(* Let $n\ge 1$ and let $M$ be a finitely generated $A$-module. Then $M$ is $n$-strongly Gorenstein-projective if and only if $\Omega^nM\cong M$ in the stable category $A\text{-}\underline{\mathrm{mod}}$ and $\mathrm{Ext}^i_A(M,A)=0$ for $1\le i\le n$.
   Context: $A$ is an artin algebra; modules are finitely generated left $A$-modules. A complex $P^\bullet$ of finitely generated projective modules is totally acyclic if it is acyclic and $\mathrm{Hom}_A(P^\bullet,A)$ is acyclic. A totally acyclic complex is $n$-strong if it is $n$-periodic: $P^{i+n}=P^i$ and $d^{i+n}=d^i$ for all $i$. $M$ is $n$-strongly Gorenstein-projective if $M\cong Z^0(P^\bullet)$ for an $n$-strong totally acyclic complex $P^\bullet$. $A\text{-}\underline{\mathrm{mod}}$ is the stable category modulo morphisms factoring through projective modules; $\Omega M$ is the kernel of an epimorphism from a projective module onto $M$ (well defined in the stable category) and $\Omega^n$ its $n$-th iterate. *)

From HB Require Import structures.
From mathcomp Require Import all_boot all_algebra.
Set Implicit Arguments. Unset Strict Implicit. Unset Printing Implicit Defensive.
Import GRing.Theory.
Local Open Scope ring_scope.

(* two-sided = left ideal of a commutative ring, as a Prop-valued predicate *)
Definition is_ideal (R : comPzRingType) (I : R -> Prop) : Prop :=
  I 0 /\ (forall x y, I x -> I y -> I (x - y)) /\ (forall r x, I x -> I (r * x)).

Definition artinian (R : comPzRingType) : Prop :=
  forall I : nat -> (R -> Prop),
    (forall k, is_ideal (I k)) ->
    (forall k x, I k.+1 x -> I k x) ->
    exists N, forall k, (N <= k)%N -> forall x, I k x <-> I N x.

Definition fin_gen (S : pzRingType) (M : lmodType S) : Prop :=
  exists s : seq M, forall m : M,
    exists c : 'I_(size s) -> S, m = \sum_(i < size s) c i *: s`_i.

Definition artin_algebra (R : comPzRingType) (A : algType R) : Prop :=
  artinian R /\ fin_gen (A : lmodType R).

Section Modules.
Variable A : pzRingType.

Definition surj (U V : lmodType A) (f : {linear U -> V}) : Prop :=
  forall v, exists u, f u = v.

Definition projective (P : lmodType A) : Prop :=
  forall (N N' : lmodType A) (g : {linear N -> N'}) (f : {linear P -> N'}),
    surj g -> exists h : {linear P -> N}, forall x, g (h x) = f x.
Definition cyclic_ord m (i : 'I_m) : 'I_m := Ordinal (cyclic_label_lt i).

Lemma cyclic_ord_bij m : odd m -> bijective (@cyclic_ord m).
Proof.
move=> om; apply: injF_bij => i j /(congr1 val) /= /cyclic_label_inj eq_ij.
exact/val_inj/eq_ij.
Qed.

Lemma weave_tour_isoT m : odd m -> isomorphic (weave_tour false false (n:=m)) (@Trel m).
Proof.
move=> om; exists (@cyclic_ord m); split; first exact: cyclic_ord_bij.
move=> i j; have := ltn_ord i; have := ltn_ord j.
rewrite /Trel /weave_tour /weave_rel /= !modn_addB ?cyclic_label_lt //.
rewrite /cyclic_label; case oi: (odd i); case oj: (odd j); case_ifs; lia.
Qed.

Lemma weave_tour_isoU m : odd m -> isomorphic (weave_tour false true (n:=m)) (@Urel m).
Proof.
move=> om; exists (@cyclic_ord m); split; first exact: cyclic_ord_bij.
move=> i j; have := ltn_ord i; have := ltn_ord j.
rewrite /Urel /Trel /weave_tour /weave_rel /= !modn_addB ?cyclic_label_lt //.
rewrite /cyclic_label; case oi: (odd i); case oj: (odd j); case_ifs; lia.
Qed.

Lemma plusv_eq2 n (E F : rel 'I_n) : E =2 F -> plusv E =2 plusv F.
Proof. by move=> eqEF [u|] [v|] /=. Qed.

Definition append_vertex n (a : option 'I_n) : 'I_n.+1 :=
  if a is Some i then widen_ord (leqnSn n) i else ord_max.

Definition prepend_vertex n (a : option 'I_n) : 'I_n.+1 :=
  if a is Some i then Ordinal (ltn_ord i : i.+1 < n.+1) else ord0.

Lemma append_vertex_bij n : bijective (@append_vertex n).
Proof.
apply: inj_card_bij; last by rewrite card_option !card_ord.
case=> [i|] [j|] /(congr1 val) //= eq_ij.
- by congr Some; apply: val_inj.
- by have := ltn_ord i; lia.
- by have := ltn_ord j; lia.
Qed.

Lemma prepend_vertex_bij n : bijective (@prepend_vertex n).
Proof.
apply: inj_card_bij; last by rewrite card_option !card_ord.
by case=> [i|] [j|] /(congr1 val) //= [/val_inj ->].
Qed.

Lemma plusv_append_iso n fe : ~~ odd n ->
  isomorphic (plusv (weave_tour false fe (n:=n))) (weave_tour false fe (n:=n.+1)).
Proof.
move=> en; exists (@append_vertex n); split; first exact: append_vertex_bij.
case=> [u|] [v|]; rewrite /= /weave_tour /weave_rel /=;
  try have := ltn_ord u; try have := ltn_ord v; case_ifs; lia.
Qed.

Lemma plusv_prepend_iso n fo :
  isomorphic (plusv (weave_tour fo false (n:=n))) (weave_tour false fo (n:=n.+1)).
Proof.
exists (@prepend_vertex n); split; first exact: prepend_vertex_bij.
case=> [u|] [v|]; rewrite /weave_tour /weave_rel /=; case: fo; case_ifs; lia.
Qed.

Lemma plusv_weave_tour_isoW n : ~~ odd n -> isomorphic (plusv (weave_tour true true (n:=n))) (@Wrel n.+1).
Proof.
move=> en; exists (@append_vertex n); split; first exact: append_vertex_bij.
case=> [u|] [v|]; rewrite /= /Wrel /weave_tour ?weave_relFF /=;
  try have := ltn_ord u; try have := ltn_ord v; case_ifs; lia.
Qed.

Section WeaveParts.

Variables (n : nat) (E : rel 'I_n).

Lemma weaveFF_transitive : weaveFF E -> transitive_tour E.
Proof.
case=> baseE hfo hfe; exists val; split; first exact: val_inj.
by move=> u v; rewrite (weave_tourE baseE true true) // /weave_tour weave_relFF.
Qed.

Lemma weaveFB_homogeneous_tail : weaveFB E -> homogeneous E [set i : 'I_n | 0 < i].
Proof.
move=> [baseE hfo hfe] y; rewrite inE => hy; left => x; rewrite inE => hx.
rewrite (weave_tourE baseE true false) // /weave_tour /weave_rel.
have := ltn_ord x; have := ltn_ord y; case_ifs; lia.
Qed.

Lemma weaveBF_homogeneous_init : ~~ odd n -> weaveBF E -> homogeneous E [set i : 'I_n | i < n.-1].
Proof.
move=> en [baseE hfo hfe] y; rewrite inE => hy; right => x; rewrite inE => hx.
rewrite (weave_tourE baseE false true) // /weave_tour /weave_rel.
have := ltn_ord x; have := ltn_ord y; case_ifs; lia.
Qed.

Lemma weaveBB_homogeneous_ends : ~~ odd n -> weaveBB E ->
  homogeneous E [set i : 'I_n | (i == 0 :> nat) || (i == n.-1 :> nat)].
Proof.
move=> en [baseE hfo hfe] y; rewrite inE => hy.
have eE := weave_tourE baseE false false hfo hfe.
case oy: (odd y); [right | left] => x; rewrite inE eE /weave_tour /weave_rel => hx;
  have := ltn_ord x; have := ltn_ord y; case_ifs; lia.
Qed.

Lemma weaveFB_homogeneous_init : odd n -> weaveFB E -> homogeneous E [set i : 'I_n | i < n.-1].
Proof.
move=> on [baseE hfo hfe] y; rewrite inE => hy; right => x; rewrite inE => hx.
rewrite (weave_tourE baseE true false) // /weave_tour /weave_rel.
have := ltn_ord x; have := ltn_ord y; case_ifs; lia.
Qed.

Lemma weaveBF_isoU : odd n -> weaveBF E -> isomorphic E (@Urel n).
Proof.
move=> on [baseE hfo hfe]; apply: (isomorphic_trans _ (weave_tour_isoU on)).
apply: eq2_isomorphic; exact: weave_tourE baseE false true hfo hfe.
Qed.

Lemma weaveBB_isoT : odd n -> weaveBB E -> isomorphic E (@Trel n).
Proof.
move=> on [baseE hfo hfe]; apply: (isomorphic_trans _ (weave_tour_isoT on)).
apply: eq2_isomorphic; exact: weave_tourE baseE false false hfo hfe.
Qed.

Lemma plusv_homogeneous_initF : odd n -> weaveFF E \/ weaveFB E ->
  homogeneous (plusv E) [set a : option 'I_n | if a is Some i then i < n.-1 else true].
Proof.
move=> on weaveE.
have [fe eE] : exists fe, E =2 weave_tour true fe.
  case: weaveE => [[baseE hfo hfe] | [baseE hfo hfe]].
  - by exists true; exact: weave_tourE baseE true true hfo hfe.
  - by exists false; exact: weave_tourE baseE true false hfo hfe.
case=> [y|]; rewrite inE // => hy; right; case=> [x|]; rewrite inE //= => hx.
  rewrite eE /weave_tour /weave_rel; have := ltn_ord x; have := ltn_ord y; case_ifs; lia.
by have := ltn_ord y; lia.
Qed.

Lemma plusv_homogeneous_lastB : odd n -> weaveBF E \/ weaveBB E ->
  homogeneous (plusv E) [set a : option 'I_n | if a is Some i then i == n.-1 :> nat else true].
Proof.
move=> on weaveE.
have [fe eE] : exists fe, E =2 weave_tour false fe.
  case: weaveE => [[baseE hfo hfe] | [baseE hfo hfe]].
  - by exists true; exact: weave_tourE baseE false true hfo hfe.
  - by exists false; exact: weave_tourE baseE false false hfo hfe.
case=> [y|]; rewrite inE // => hy.
case oy: (odd y); [left | right]; case=> [x|]; rewrite inE //= ?eE /weave_tour /weave_rel => hx;
  have := ltn_ord y; try have := ltn_ord x; case_ifs; lia.
Qed.

Lemma plusv_weaveFF_isoW : ~~ odd n -> weaveFF E -> isomorphic (plusv E) (@Wrel n.+1).
Proof.
move=> en [baseE hfo hfe]; apply: (isomorphic_trans _ (plusv_weave_tour_isoW en)).
apply/eq2_isomorphic/plusv_eq2; exact: weave_tourE baseE true true hfo hfe.
Qed.

Lemma plusv_weaveFB_isoU : ~~ odd n -> weaveFB E -> isomorphic (plusv E) (@Urel n.+1).
Proof.
move=> en [baseE hfo hfe]; have on1 : odd n.+1 by rewrite /= en.
apply: (isomorphic_trans _ (weave_tour_isoU on1)).
apply: (isomorphic_trans _ (plusv_prepend_iso n true)).
apply/eq2_isomorphic/plusv_eq2; exact: weave_tourE baseE true false hfo hfe.
Qed.

Lemma plusv_weaveBF_isoU : ~~ odd n -> weaveBF E -> isomorphic (plusv E) (@Urel n.+1).
Proof.
move=> en [baseE hfo hfe]; have on1 : odd n.+1 by rewrite /= en.
apply: (isomorphic_trans _ (weave_tour_isoU on1)).
apply: (isomorphic_trans _ (plusv_append_iso true en)).
apply/eq2_isomorphic/plusv_eq2; exact: weave_tourE baseE false true hfo hfe.
Qed.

-=-=-=-=-

• **Aim of the exercise**
Reproduce exactly, and only, the part of the listing above that begins at the line with "Variable A : pzRingType." and goes on through the line with "rewrite /Trel /weave_tour".

• **Response to this exercise**
Variable A : pzRingType.

Definition surj (U V : lmodType A) (f : {linear U -> V}) : Prop :=
  forall v, exists u, f u = v.

Definition projective (P : lmodType A) : Prop :=
  forall (N N' : lmodType A) (g : {linear N -> N'}) (f : {linear P -> N'}),
    surj g -> exists h : {linear P -> N}, forall x, g (h x) = f x.
Definition cyclic_ord m (i : 'I_m) : 'I_m := Ordinal (cyclic_label_lt i).

Lemma cyclic_ord_bij m : odd m -> bijective (@cyclic_ord m).
Proof.
move=> om; apply: injF_bij => i j /(congr1 val) /= /cyclic_label_inj eq_ij.
exact/val_inj/eq_ij.
Qed.

Lemma weave_tour_isoT m : odd m -> isomorphic (weave_tour false false (n:=m)) (@Trel m).
Proof.
move=> om; exists (@cyclic_ord m); split; first exact: cyclic_ord_bij.
move=> i j; have := ltn_ord i; have := ltn_ord j.
rewrite /Trel /weave_tour /weave_rel /= !modn_addB ?cyclic_label_lt //.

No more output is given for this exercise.